Posted to user@spark.apache.org by nayan sharma <na...@gmail.com> on 2017/04/17 14:35:19 UTC
isin query
Dataframe (df) having column msrid(String) having values m_123,m_111,m_145,m_098,m_666
I wanted to filter out rows which are having values m_123,m_111,m_145
df.filter($"msrid".isin("m_123","m_111","m_145")).count
count =0
while
df.filter($"msrid".isin("m_123")).count
count=121212
I have tried using queries like
df.filter($"msrid" isin (List("m_123","m_111","m_145"):_*))
count =0
but
df.filter($"msrid" isin (List("m_123"):_*))
count=121212
Any suggestion will do a great help to me.
Thanks,
Nayan
Re: isin query
Posted by Koert Kuipers <ko...@tresata.com>.
i dont see this behavior in the current spark master:
scala> val df = Seq("m_123", "m_111", "m_145", "m_098",
"m_666").toDF("msrid")
df: org.apache.spark.sql.DataFrame = [msrid: string]

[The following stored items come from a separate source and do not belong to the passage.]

(* Let $K$ be a positive definite kernel on $\Omega\subset\mathbb{R}^d$, $X_n=\{x_1,\dots,x_n\}\subset\Omega$ pairwise distinct, $\lambda>0$ and $0\le\mu\le\lambda$, where in case $\mu=0$ the kernel $K$ is assumed strictly positive definite. Then for all $x\in\Omega$ $$Q_n^\lambda(x)^2\le P_n^\mu(x)^2+\lambda\left(1+\Lambda_{n,2}^\mu(x)^2\right),$$ and equality holds if $\mu=\lambda$ and $x\notin X_n$.
   Context: A kernel is positive definite if symmetric with positive semidefinite kernel matrices on pairwise distinct points (strictly: positive definite). $\mathcal{H}$ is the native space (RKHS) of $K$; $\delta(x,y)=1$ if $x=y$, else $0$; $K_\lambda:=K+\lambda\delta$ with native space $\mathcal{H}_\lambda$. Let $A=(K(x_i,x_j))_{i,j=1}^n$. For $f:\Omega\to\mathbb{R}$: $s_n^\mu(f):=\sum_j\alpha_jK(\cdot,x_j)$ with $(A+\mu I)\alpha=(f(x_i))_i$, and $I_n^\lambda(f):=\sum_j\alpha_jK_\lambda(\cdot,x_j)$ with $(A+\lambda I)\alpha=(f(x_i))_i$. $P_n^\mu(x):=\sup_{f\in\mathcal{H},f\ne0}|f(x)-s_n^\mu(f)(x)|/\|f\|_{\mathcal{H}}$ and $Q_n^\lambda(x):=\sup_{f\in\mathcal{H}_\lambda,f\ne0}|f(x)-I_n^\lambda(f)(x)|/\|f\|_{\mathcal{H}_\lambda}$. The Lagrange functions are $\ell_j^\mu:=\sum_{i=1}^n((A+\mu I)^{-1})_{ij}K(\cdot,x_i)$ and the $\ell_2$-Lebesgue function is $\Lambda_{n,2}^\mu(x):=\big(\sum_{j=1}^n\ell_j^\mu(x)^2\big)^{1/2}$. *)

From HB Require Import structures.
From mathcomp Require Import all_boot all_order all_algebra.
From mathcomp Require Import all_classical all_reals.
Set Implicit Arguments. Unset Strict Implicit. Unset Printing Implicit Defensive.
Import Order.TTheory GRing.Theory Num.Theory.
Local Open Scope ring_scope.
Local Open Scope classical_set_scope.
Definition adjacency_op (R : realType) (W : diagram) : vec R -> vec R :=
  edge_op head_same head_succ (head_pm W) (head_pm W).

Definition adjacency_op_tr (R : realType) (W : diagram) : vec R -> vec R :=
  edge_op (fun c => head_same (edge_same c)) (fun c => head_succ (edge_succ c))
    (fun c => head_pm W (edge_plus c)) (fun c => head_pm W (edge_minus c)).

Lemma bounded_adjoints_edge_op (R : realType) (d1 d2 d3 d4 : pred vtx) :
  bounded_adjoints (@edge_op R d1 d2 d3 d4)
  (edge_op (fun c => d1 (edge_same c)) (fun c => d2 (edge_succ c))
     (fun c => d3 (edge_plus c)) (fun c => d4 (edge_minus c))).
Proof.
rewrite /edge_op; apply: bounded_adjointsD; first exact: bounded_adjoints_partial_perm edge_sameK.
apply: bounded_adjointsD; first exact: bounded_adjoints_partial_perm edge_succK.
by apply: bounded_adjointsD; apply: bounded_adjoints_partial_perm;
  [exact: edge_plusK | exact: edge_minusK].
Qed.

Lemma H_compatible_edge_op (R : realType) W (d1 d2 d3 d4 : pred vtx) :
  (forall c, [|| d1 c, d2 c, d3 c | d4 c] -> CW W c) ->
  H_compatible W (@edge_op R d1 d2 d3 d4).
Proof.
move=> hd; rewrite /edge_op.
have hP s (d : pred vtx) : involutive s -> (forall c, d c -> CW W c) ->
  H_compatible W (@partial_perm R s d) by exact: H_compatible_partial_perm.
apply: H_compatibleD; first by apply: hP edge_sameK _ => c dc; apply: hd; rewrite dc.
apply: H_compatibleD; first by apply: hP edge_succK _ => c dc; apply: hd; rewrite dc orbT.
by apply: H_compatibleD; [apply: hP edge_plusK _ | apply: hP edge_minusK _]
  => c dc; apply: hd; rewrite dc !orbT.
Qed.

Lemma edge_op_sqr0 (R : realType) (P d1 d2 d3 d4 : pred vtx) :
  (forall c, [/\ d1 c -> P c && ~~ P (edge_same c), d2 c -> P c && ~~ P (edge_succ c),
     d3 c -> P c && ~~ P (edge_plus c) & d4 c -> P c && ~~ P (edge_minus c)]) ->
  forall f : vec R, edge_op d1 d2 d3 d4 (edge_op d1 d2 d3 d4 f) = fun=> 0.
Proof.
move=> hP f; set N := edge_op d1 d2 d3 d4.
have N_off c : ~~ P c -> N f c = 0.
  move=> Pc; have [h1 h2 h3 h4] := hP c.
  have off (d : pred vtx) (s : vtx -> vtx) : (d c -> P c && ~~ P (s c)) -> d c = false.
    by move=> h; apply/negP => /h /andP[Pc'] _; rewrite Pc' in Pc.
  rewrite /N /edge_op /addop /partial_perm.
  by rewrite (off _ _ h1) (off _ _ h2) (off _ _ h3) (off _ _ h4) !addr0.
apply/funext => c; have [h1 h2 h3 h4] := hP c.
have into (d : pred vtx) (s : vtx -> vtx) :
    (d c -> P c && ~~ P (s c)) -> partial_perm s d (N f) c = 0.
  by move=> h; rewrite /partial_perm; case: ifP => // /h /andP[_ /N_off].
by rewrite {1}/N /edge_op /addop (into _ _ h1) (into _ _ h2) (into _ _ h3) (into _ _ h4) !addr0.
Qed.

Lemma adjacency_op_sqr0 (R : realType) W (f : vec R) :
  adjacency_op W (adjacency_op W f) = fun=> 0.
Proof.
apply: (edge_op_sqr0 (P := fun c => if c is c1 _ then true else false)) => c.
by case: W; case: c => [n|[|[|n]]||].
Qed.

Lemma adjacency_op_tr_sqr0 (R : realType) W (f : vec R) :
  adjacency_op_tr W (adjacency_op_tr W f) = fun=> 0.
Proof.
apply: (edge_op_sqr0 (P := fun c => if c is c1 _ then false else true)) => c.
by case: W; case: c => [[|[|n]]|[|[|n]]||].
Qed.

Lemma H_compatible_adjacency_op (R : realType) W :
  H_compatible W (@adjacency_op R W) /\ H_compatible W (@adjacency_op_tr R W).
Proof.
by split; apply: H_compatible_edge_op => c hc; apply/CWP; move: hc;
  case: W; case: c => [[|[|n]]|[|[|n]]||].
Qed.

Section ColumnSums.
Variable R : realType.
Implicit Types (A : set vtx) (u : vec R).

Lemma fsum_single A (G : vtx -> R[i]) a :
  (forall x, x != a -> G x = 0) -> (~ A a -> G a = 0) -> \sum_(x \in A) G x = G a.
Proof.
move=> Ga hA; have [Aa|nAa] := pselect (A a); last first.
  by rewrite fsbig1 ?hA // => x Ax; have [xa|/Ga//] := eqVneq x a; rewrite xa in Ax.
rewrite -(fsbig_widen [set a] A G) ?fsbig_set1 //; first by move=> x ->.
by move=> x [_ xa]; apply: Ga; apply/eqP.
Qed.

Lemma fsum_mul_delta A u (b : bool) a : (forall x, ~ A x -> u x = 0) ->
  \sum_(x \in A) u x * (b && (x == a))%:R = b%:R * u a.
Proof.
move=> u0; rewrite (@fsum_single _ _ a) => [|x xa|/u0 ->]; last by rewrite mul0r.
  by rewrite eqxx andbT mulrC.
by rewrite (negPf xa) andbF mulr0.
Qed.

Lemma fsum_column A u c a1 a2 a3 a4 (b1 b2 b3 b4 : bool) :
  finite_set [set x | u x != 0] -> (forall x, ~ A x -> u x = 0) ->
  \sum_(x \in A) u x * ((x == c)%:R -
    ((b1 && (x == a1))%:R + ((b2 && (x == a2))%:R +
    ((b3 && (x == a3))%:R + (b4 && (x == a4))%:R)))) =
  u c - (b1%:R * u a1 + (b2%:R * u a2 + (b3%:R * u a3 + b4%:R * u a4))).
Proof.
set S := [set x | u x != 0] => Sfin u0.
have uS x : ~ S x -> u x = 0 by move=> /negP; rewrite negbK => /eqP.
rewrite -(@fsbig_widen _ _ _ _ S A); first last.
- by move=> x [_ /uS ux]; rewrite /preimage /= ux mul0r.
- by move=> x Sx; apply: contrapT => /u0 ux; rewrite /S /= ux eqxx in Sx.
rewrite (eq_fsbigr (fun x => u x * (true && (x == c))%:R + -1 * (u x * (b1 && (x == a1))%:R +
  (u x * (b2 && (x == a2))%:R + (u x * (b3 && (x == a3))%:R + u x * (b4 && (x == a4))%:R)))));
  last by move=> x _; rewrite /=; ring.
(* Stated for abstract summands: matching [fsbig_split] against the concrete
   ones is very slow. *)
have sum5 (F0 F1 F2 F3 F4 : vtx -> R[i]) :
    \sum_(x \in S) (F0 x + -1 * (F1 x + (F2 x + (F3 x + F4 x)))) =
    \sum_(x \in S) F0 x + -1 * (\sum_(x \in S) F1 x +
      (\sum_(x \in S) F2 x + (\sum_(x \in S) F3 x + \sum_(x \in S) F4 x))).
  by rewrite !fsbig_finite //= big_split /= -big_distrr /= !big_split.
rewrite sum5 !fsum_mul_delta //.
by rewrite mul1r mulN1r.
Qed.

End ColumnSums.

scala> df.filter($"msrid".isin("m_123")).count
res0: Long =
1
scala> df.filter($"msrid".isin("m_123","m_111","m_145")).count
res1: Long = 3
On Mon, Apr 17, 2017 at 10:50 AM, nayan sharma <na...@gmail.com>
wrote:
> Thanks for responding.
> df.filter($”msrid”===“m_123” || $”msrid”===“m_111”)
>
> there are lots of workaround to my question but Can you let know whats
> wrong with the “isin” query.
>
> Regards,
> Nayan
>
> Begin forwarded message:
>
> *From: *ayan guha <gu...@gmail.com>
> *Subject: **Re: isin query*
> *Date: *17 April 2017 at 8:13:24 PM IST
> *To: *nayan sharma <na...@gmail.com>, user@spark.apache.org
>
> How about using OR operator in filter?
>
> On Tue, 18 Apr 2017 at 12:35 am, nayan sharma <na...@gmail.com>
> wrote:
>
>> Dataframe (df) having column msrid(String) having values
>> m_123,m_111,m_145,m_098,m_666
>>
>> I wanted to filter out rows which are having values m_123,m_111,m_145
>>
>> df.filter($"msrid".isin("m_123","m_111","m_145")).count
>> count =0
>> while
>> df.filter($"msrid".isin("m_123")).count
>> count=121212
>> I have tried using queries like
>> df.filter($"msrid" isin (List("m_123","m_111","m_145"):_*))
>> count =0
>> but
>>
>> df.filter($"msrid" isin (List("m_123"):_*))
>> count=121212
>>
>> Any suggestion will do a great help to me.
>>
>> Thanks,
>> Nayan
>>
> --
> Best Regards,
> Ayan Guha
>
>
>
Fwd: isin query
Posted by nayan sharma <na...@gmail.com>.
Thanks for responding.
df.filter($”msrid”===“m_123” || $”msrid”===“m_111”)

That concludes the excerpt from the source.